Der Minister des Innern hat die Kleine Anfrage 4033 mit Schreiben vom 31. Juli 2024 namens der Landesregierung beantwortet.
- Inwiefern kann die Landesregierung die oben genannten Verbindungen von teils hohen SPD-Funktionären aus NRW ins islamistische Umfeld bestätigen?
- Inwiefern liegen der Landesregierung Informationen über weitere – oben nicht genannte –Treffen bzw. Verbindungen von SPD-Funktionären ins islamistische Umfeld vor – insbesondere zu den Grauen Wölfen bzw. Milli Görüs? (Bitte im Detail ausführen)
Die Fragen 1 und 2 werden aufgrund des Sachzusammenhangs gemeinsam beantwortet. Der Landesregierung liegen keine Erkenntnisse im Sinne der Fragestellungen vor. Im Übrigen wird auf die Antworten zur Frage 5 der Kleinen Anfrage 665 (LT-Drs.18/1852) und Frage 3 der Kleinen Anfrage 2143 (LT-Drs.18/5478) verwiesen.
- Inwiefern werden derartige Kontakte bzw. Verbindungen, wenn diese durch den NRW-Verfassungsschutz, im Rahmen der Beobachtung von Akteuren aus dem islamistischen Umfeld, festgestellt werden, dann auch aktiv registriert und dokumentiert?
Einflussnahmen extremistischer auf nicht extremistische Akteure werden durch den nordrhein-westfälischen Verfassungsschutz registriert und bewertet. Sollten sich aus diesen Bewertungen Anhaltspunkte für den Verdacht ergeben, dass ursprünglich nicht extremistische Akteure extremistische Positionen übernehmen, gilt auch bezüglich dieser Akteure der gesetzliche Beobachtungsauftrag des Verfassungsschutzes. Eine personenbezogene Statistik über Kontakte zu nicht extremistischen Einzelpersonen wird nicht geführt.
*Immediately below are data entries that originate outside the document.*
(* Let $R$ be a ring (associative with identity) and $n$ a positive integer. The following are equivalent: (1) $R$ is $n$-clean; (2) every factor ring of $R$ is $n$-clean; (3) every indecomposable factor ring of $R$ is $n$-clean; (4) every Pierce stalk of $R$ is $n$-clean.
   Context: A ring is $n$-clean if each of its elements can be written as $e+u_1+\cdots+u_n$ with $e$ an idempotent and $u_1,\dots,u_n$ units. A ring is indecomposable if it is not isomorphic to a direct product of two nonzero rings. Let $S(R)$ be the set of all proper ideals of $R$ generated by central idempotents. A Pierce ideal of $R$ is a maximal (with respect to inclusion) element of $S(R)$, and if $P$ is a Pierce ideal, the factor ring $R/P$ is called a Pierce stalk of $R$. *)

From HB Require Import structures.
From mathcomp Require Import all_boot all_algebra.
Set Implicit Arguments. Unset Strict Implicit. Unset Printing Implicit Defensive.
Import GRing.Theory.
Local Open Scope ring_scope.

Definition is_unit (S : pzRingType) (u : S) : Prop :=
  exists v : S, u * v = 1 /\ v * u = 1.

Definition idempotent (S : pzRingType) (e : S) : Prop := e * e = e.

Definition n_clean (n : nat) (S : pzRingType) : Prop :=
  forall x : S, exists e : S, idempotent e /\
    exists u : 'I_n -> S, (forall i, is_unit (u i)) /\ x = e + \sum_(i < n) u i.

Definition nonzero_ring (S : pzRingType) : Prop := (1 : S) <> 0.

Definition indecomposable (S : pzRingType) : Prop :=
  ~ exists (S1 S2 : pzRingType) (g : {rmorphism S -> (S1 * S2)%type}),
      nonzero_ring S1 /\ nonzero_ring S2 /\ bijective g.

Definition is_ideal (R : pzRingType) (I : R -> Prop) : Prop :=
  [/\ I 0, (forall x y, I x -> I y -> I (x + y)), (forall x, I x -> I (- x)),
      (forall r x, I x -> I (r * x)) & (forall r x, I x -> I (x * r))].

Definition proper_ideal (R : pzRingType) (I : R -> Prop) : Prop :=
  is_ideal I /\ ~ I 1.

Definition central (R : pzRingType) (x : R) : Prop := forall y, x * y = y * x.

Definition ideal_gen (R : pzRingType) (E : R -> Prop) : R -> Prop :=
  fun x => forall J : R -> Prop, is_ideal J -> (forall e, E e -> J e) -> J x.

Definition in_SR (R : pzRingType) (I : R -> Prop) : Prop :=
  proper_ideal I /\
  exists E : R -> Prop, (forall e, E e -> central e /\ idempotent e) /\
    (forall x, I x <-> ideal_gen E x).

Definition pierce_ideal (R : pzRingType) (P : R -> Prop) : Prop :=
  in_SR P /\ forall J : R -> Prop, in_SR J -> (forall x, P x -> J x) ->
    forall x, J x -> P x.

(* Factor rings R/I are represented (up to isomorphism) as surjective ring
   morphisms f : R -> S; the factor ring R/I is S with ker f = I. *)
Definition factor_map (R S : pzRingType) (f : {rmorphism R -> S}) : Prop :=
  forall y : S, exists x : R, f x = y.

Definition kernel_is (R S : pzRingType) (f : {rmorphism R -> S}) (I : R -> Prop)
  : Prop := forall x, f x = 0 <-> I x.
- Inwiefern hat der NRW-Verfassungsschutz in den letzten Jahren eine verstärkte Einflussnahme islamistischer Akteure auf Gliederungen der SPD festgestellt?
Eine verstärkte Einflussnahme wurde in den letzten Jahren nicht festgestellt.
- Inwiefern konnte der NRW-Verfassungsschutz in den letzten Jahren einen vermehrten Einfluss von SPD-Funktionären mit islamistischem Hintergrund insbesondere auf kommunale Integrationsräte bzw. Integrationsausschüsse feststellen?
Dem nordrhein-westfälischen Verfassungsschutz liegen hierzu keine Erkenntnisse vor.